車検を通すことは可能ですが、保安性の面からも法定24カ月点検は受けましょう

車検と同じタイミングで、車の使用者に義務づけられている法定24カ月定期点検整備ですが、平成6年の規制緩和により、車検合格後でも点検が実施できるようになりました。つまり、車検前に法定24カ月定期点検整備を行っていなくても後整備を申告することで車検が受けられるということです。合格後、改めて認証工場などで点検整備を実施することになります。
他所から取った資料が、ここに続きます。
(* Consider a procedure with body $s_1; \ldots; s_n$, and let $\Lambda, \Upsilon, \mathit{true} \vdash s_i; \ldots; s_n : \Phi_{\mathrm{safe}}$ be the inferred safety condition for the suffix starting at $s_i$. Suppose the technique adds the statement $\mathtt{assume}\ \Phi$ (with $\Phi = \neg\Phi_{\mathrm{safe}}$) before $s_i; \ldots; s_n$. Then $\Phi$ is a necessary condition for $s_i; \ldots; s_n$ to have an assertion violation.
   Context: Programs are in an imperative language with assignments, heap reads/writes, $\mathtt{malloc}$, procedure calls, $\mathtt{assert}\ p$, $\mathtt{assume}\ p$ and nondeterministic conditionals; execution stops at the first assertion or assumption violation, and an execution is failing iff it ends in an assertion violation. The judgment $\Lambda,\Upsilon,\Phi \vdash s : \Phi'$ denotes a lightweight backward safety-condition inference (using an aliasing/side-effect oracle $\Lambda$ and a procedure-summary environment $\Upsilon$) that is sound in the sense that $\Phi' \Rightarrow \mathit{wp}(s,\Phi)$ for terminating $s$ (with $\mathtt{assert}\ p$ giving $p\wedge\Phi$ and $\mathtt{assume}\ p$ giving $p\Rightarrow\Phi$). Program trimming (intraprocedural instrumentation) inserts $\mathtt{assume}\ \neg\Phi_{\mathrm{safe}}$ right before $s_i$, where $\Phi_{\mathrm{safe}}$ is the safety condition inferred for $s_i;\ldots;s_n$ from postcondition $\mathit{true}$. *)

From Stdlib Require Import ZArith List.
Open Scope Z_scope.

Definition var := nat.
Definition pname := nat.

Record state := mkState {
  vars  : var -> Z;
  heap  : Z -> Z;
  alloc : Z -> bool
}.

Definition upd {A} (f : A -> Z) (eqd : forall a b : A, {a = b} + {a <> b})
  (a : A) (v : Z) : A -> Z := fun b => if eqd a b then v else f b.

Definition set_var (s : state) (x : var) (v : Z) : state :=
  mkState (upd (vars s) Nat.eq_dec x v) (heap s) (alloc s).
Definition set_heap (s : state) (a : Z) (v : Z) : state :=
  mkState (vars s) (upd (heap s) Z.eq_dec a v) (alloc s).
Definition set_alloc (s : state) (a : Z) : state :=
  mkState (vars s) (heap s) (fun b => if Z.eq_dec a b then true else alloc s b).

Definition expr := state -> Z.
Definition pred := state -> Prop.

Inductive stmt :=
| Skip
| Assign (x : var) (e : expr)
| HRead (x : var) (e : expr)              (* x := *e *)
| Store (e1 e2 : expr)                   (* *e1 := e2 *)
| Malloc (x : var)
| Call (p : pname)
| Assert (p : pred)
| Assume (p : pred)
| Choice (s1 s2 : stmt)                  (* if ( * ) s1 else s2 *)
| Seq (s1 s2 : stmt).

Definition penv := pname -> stmt.

Inductive outcome :=
| Normal (s : state)
| AssertFail
| AssumeFail.

Inductive exec (P : penv) : stmt -> state -> outcome -> Prop :=
| E_Skip s : exec P Skip s (Normal s)
| E_Assign x e s : exec P (Assign x e) s (Normal (set_var s x (e s)))
| E_Read x e s : exec P (HRead x e) s (Normal (set_var s x (heap s (e s))))
| E_Store e1 e2 s : exec P (Store e1 e2) s (Normal (set_heap s (e1 s) (e2 s)))
| E_Malloc x s a : alloc s a = false ->
    exec P (Malloc x) s (Normal (set_var (set_alloc s a) x a))
| E_Call p s o : exec P (P p) s o -> exec P (Call p) s o
| E_AssertOk (p : pred) s : p s -> exec P (Assert p) s (Normal s)
| E_AssertFail (p : pred) s : ~ p s -> exec P (Assert p) s AssertFail
| E_AssumeOk (p : pred) s : p s -> exec P (Assume p) s (Normal s)
| E_AssumeFail (p : pred) s : ~ p s -> exec P (Assume p) s AssumeFail
| E_Choice1 s1 s2 s o : exec P s1 s o -> exec P (Choice s1 s2) s o
| E_Choice2 s1 s2 s o : exec P s2 s o -> exec P (Choice s1 s2) s o
| E_SeqNormal s1 s2 s s' o :
    exec P s1 s (Normal s') -> exec P s2 s' o -> exec P (Seq s1 s2) s o
| E_SeqAssert s1 s2 s : exec P s1 s AssertFail -> exec P (Seq s1 s2) s AssertFail
| E_SeqAssume s1 s2 s : exec P s1 s AssumeFail -> exec P (Seq s1 s2) s AssumeFail.

(* semantic weakest precondition (partial correctness / terminating runs):
   no terminating execution fails an assertion, and every normally
   terminating execution ends in Phi. Hence wp(assert p, Phi) = p /\ Phi
   and wp(assume p, Phi) = p -> Phi. *)
Definition wp (P : penv) (s : stmt) (Phi : pred) : pred :=
  fun st => forall o, exec P s st o ->
    match o with
    | Normal st' => Phi st'
    | AssertFail => False
    | AssumeFail => True
    end.

Fixpoint seq_of (l : list stmt) : stmt :=
  match l with
  | nil => Skip
  | s :: l' => Seq s (seq_of l')
  end.

(* the judgment  Lam, Ups, Phi |- s : Phi'  as an abstract relation *)
Definition judgment (Lam Ups : Type) := Lam -> Ups -> pred -> stmt -> pred -> Prop.

Definition sound_judgment (P : penv) {Lam Ups : Type} (J : judgment Lam Ups) : Prop :=
  forall L U Phi s Phi', J L U Phi s Phi' -> forall st, Phi' st -> wp P s Phi st.

Definition has_assert_violation (P : penv) (s : stmt) (st : state) : Prop :=
  exec P s st AssertFail.

From Stdlib Require Import ZArith List.

Lemma wp_no_assert_violation (P : penv) (s : stmt) (Phi : pred) (st : state) :
  wp P s Phi st -> ~ has_assert_violation P s st.
Proof.
  intros Hwp Hviolation.
  exact (Hwp AssertFail Hviolation).
Qed.

Lemma sound_judgment_no_assert_violation (P : penv) (Lam Ups : Type)
  (J : judgment Lam Ups) (L : Lam) (U : Ups) (Phi Phi' : pred) (s : stmt)
  (st : state) :
  sound_judgment P J -> J L U Phi s Phi' -> Phi' st ->
  ~ has_assert_violation P s st.
Proof.
  intros Hsound HJ HPhi'.
  apply (wp_no_assert_violation P s Phi).
  exact (Hsound L U Phi s Phi' HJ st HPhi').
Qed.

(* body = [s_1; ...; s_n]; the suffix s_i; ...; s_n is  skipn (i-1) body
   (0-based index k = i-1). Phi = ~ Phi_safe is necessary for failure. *)
Theorem theorem5p1 (Lam Ups : Type) (P : penv) (J : judgment Lam Ups)
  (Hsound : sound_judgment P J)
  (L : Lam) (U : Ups) (body : list stmt) (k : nat) (Phi_safe : pred) :
  J L U (fun _ => True) (seq_of (skipn k body)) Phi_safe ->
  let Phi : pred := fun st => ~ Phi_safe st in
  forall st, has_assert_violation P (seq_of (skipn k body)) st -> Phi st.
Proof.
  intros HJ Phi st Hviolation Hsafe.
  exact (sound_judgment_no_assert_violation P Lam Ups J L U _ Phi_safe _ st
           Hsound HJ Hsafe Hviolation).
Qed.
Section TotallyMarkedMaps.
Variable F : closedFieldType.
Variables z1 z2 z3 w1 w2 : sphere F.

Let Ps := tm_num z1 z2 z3 w1 w2.
Let Qs := tm_den z1 z2 z3 w1 w2.

Lemma rat2tm_witness f : rat2tm f z1 z2 z3 w1 w2 ->
  w1 != w2 /\ exists2 mu, mu != 0 & rat2_rep f (mu *: Ps) (mu *: Qs).
Proof.
move=> [p [q [rep mult w12 crit]]]; split=> //.
have [cop max3 _ _] := rep.
have sp : (size p <= 3)%N by rewrite -max3 leq_maxl.
have sq : (size q <= 3)%N by rewrite -max3 leq_maxr.
have res_neq0 := coprime_res2 cop max3.
have [Pp Pq] : polar p w1 w2 = 0 /\ polar q w1 w2 = 0.
  by apply: critical_polar_eq0 => //;
    apply/(critical_jacobianE _ sp sq)/crit; [left | right].
have fix_neq0 : 'X * q - p != 0.
  apply: contra_neq res_neq0 => /eqP; rewrite subr_eq0 => /eqP pE.
  by rewrite -pE (fixpoly_polar_eq0 sp sq w12 Pp Pq pE) mulr0 /res2 !coef0; ring.
have [c c_neq0 fixE] := fixpoly_root_poly fix_neq0 mult.
have hd3_neq0 : hdiff w1 w2 ^+ 3 != 0 by rewrite expf_neq0 ?hdiff_neq0.
exists (c / hdiff w1 w2 ^+ 3); first by rewrite mulf_neq0 ?invr_eq0.
set mu := c / _.
suff [<- <-] : p = mu *: Ps /\ q = mu *: Qs by [].
have size_tm (r : {poly F}) : (size r <= 3 -> size (mu *: r) <= 3)%N.
  exact: leq_trans (size_scale_leq _ _).
apply: (fixpoly_polar_inj sp sq _ _ w12 Pp Pq); rewrite ?size_tm ?size_sq_comb //.
- by rewrite polarZ polar_sq_comb mulr0.
- by rewrite polarZ polar_sq_comb mulr0.
by rewrite fixE -scalerAr -scalerBr tm_fixpoly scalerA divfK.
Qed.

Lemma rat2tm_admissible f : rat2tm f z1 z2 z3 w1 w2 -> admissible z1 z2 z3 w1 w2.
Proof.
move=> /rat2tm_witness[w12 [mu mu_neq0 [cop max3 _ _]]].
apply/admissibleE; split=> //.
have := coprime_res2 cop max3; rewrite res2Z res2_tm.
by apply: contra_neq => ->; rewrite expr0n !mulr0.
Qed.

Lemma rat2tm_unique f : rat2tm f z1 z2 z3 w1 w2 -> f = ratmap Ps Qs.
Proof. by move=> /rat2tm_witness[_ [mu mu_neq0 /rat2_repE ->]]; rewrite ratmapZ. Qed.

Hypothesis two_neq0 : (2 : F) != 0.

Lemma rat2tm_ratmap_tm : w1 != w2 -> cr_prod z1 z2 z3 w1 w2 != 0 ->
  rat2tm (ratmap Ps Qs) z1 z2 z3 w1 w2.
Proof.
move=> w12 cr_neq0.
have hd_neq0 := hdiff_neq0 w12.
have res_neq0 : res2 Ps Qs != 0 by rewrite res2_tm mulf_neq0 ?expf_neq0.
have [sP sQ] : (size Ps <= 3)%N /\ (size Qs <= 3)%N by split; apply: size_sq_comb.
exists Ps, Qs; split=> //.
- by apply: rat2_rep_ratmap; [exact: res2_coprime | exact: res2_size].
- by apply: (fixmult_root_poly _ _ (tm_fixpoly _ _ _ _ _)); rewrite ?expf_neq0.
move=> w; apply: (iff_trans (critical_jacobianE _ sP sQ)); rewrite jacobian_tm.
have c_neq0 : 2 * hdiff w1 w2 ^+ 2 * cr_prod z1 z2 z3 w1 w2 != 0.
  by rewrite mulf_neq0 // mulf_neq0 ?expf_neq0.
split=> [/eqP|wE].
  by rewrite mulf_eq0 (negPf c_neq0) /= mulf_eq0 => /orP[] /eqP /hdiff_eq0; [left | right].
by case: wE => ->; rewrite hdiffxx ?mul0r ?mulr0.
Qed.

End TotallyMarkedMaps.

Theorem mainTheorem15 (R : realType) :
  (forall (f : sphere R[i] -> sphere R[i]) (z1 z2 z3 w1 w2 : sphere R[i]),
      rat2tm f z1 z2 z3 w1 w2 -> admissible z1 z2 z3 w1 w2) /\
  (forall z1 z2 z3 w1 w2 : sphere R[i],
      admissible z1 z2 z3 w1 w2 ->
      exists f : sphere R[i] -> sphere R[i],
        rat2tm f z1 z2 z3 w1 w2 /\
        (forall g : sphere R[i] -> sphere R[i], rat2tm g z1 z2 z3 w1 w2 -> g = f)).
Proof.
have two_neq0 : (2 : R[i]) != 0 by rewrite pnatr_eq0.
split=> [f z1 z2 z3 w1 w2 | z1 z2 z3 w1 w2 /admissibleE[w12 cr_neq0]].
  exact: rat2tm_admissible.
exists (ratmap (tm_num z1 z2 z3 w1 w2) (tm_den z1 z2 z3 w1 w2)).
split; first exact: rat2tm_ratmap_tm.
by move=> g; apply: rat2tm_unique.
Qed.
この場合、運輸支局から法定24カ月定期点検整備に関するアンケートハガキが届く場合がありますが、実際に点検整備を行ったかどうかの申告の必要性や、行わなかったからといって罰則があるわけではありません。なぜなら法定24カ月定期点検整備はユーザーに義務づけれられているもので、行うことが当たり前だからです。ですから、極論を言えば、前回の車検で法定24カ月点検を行っていなくても車検を受けることは可能です。

しかし、その車検にもし通ったとしても、それは「その日たまたま通った」と考えるべきでしょう。なぜなら車は何も点検整備しなければ、いつ壊れてもおかしくないものだからです。法定24カ月定期点検整備はユーザーの義務ですし、車検はあくまでも現時点で保安基準に適合しているかどうかを検査するだけです。車検後の帰宅途中にブレーキが壊れたとしても「車検は通っている」のです。保安性を考えれば、法定24カ月定期点検整備は必ず受けておくべきものなのです。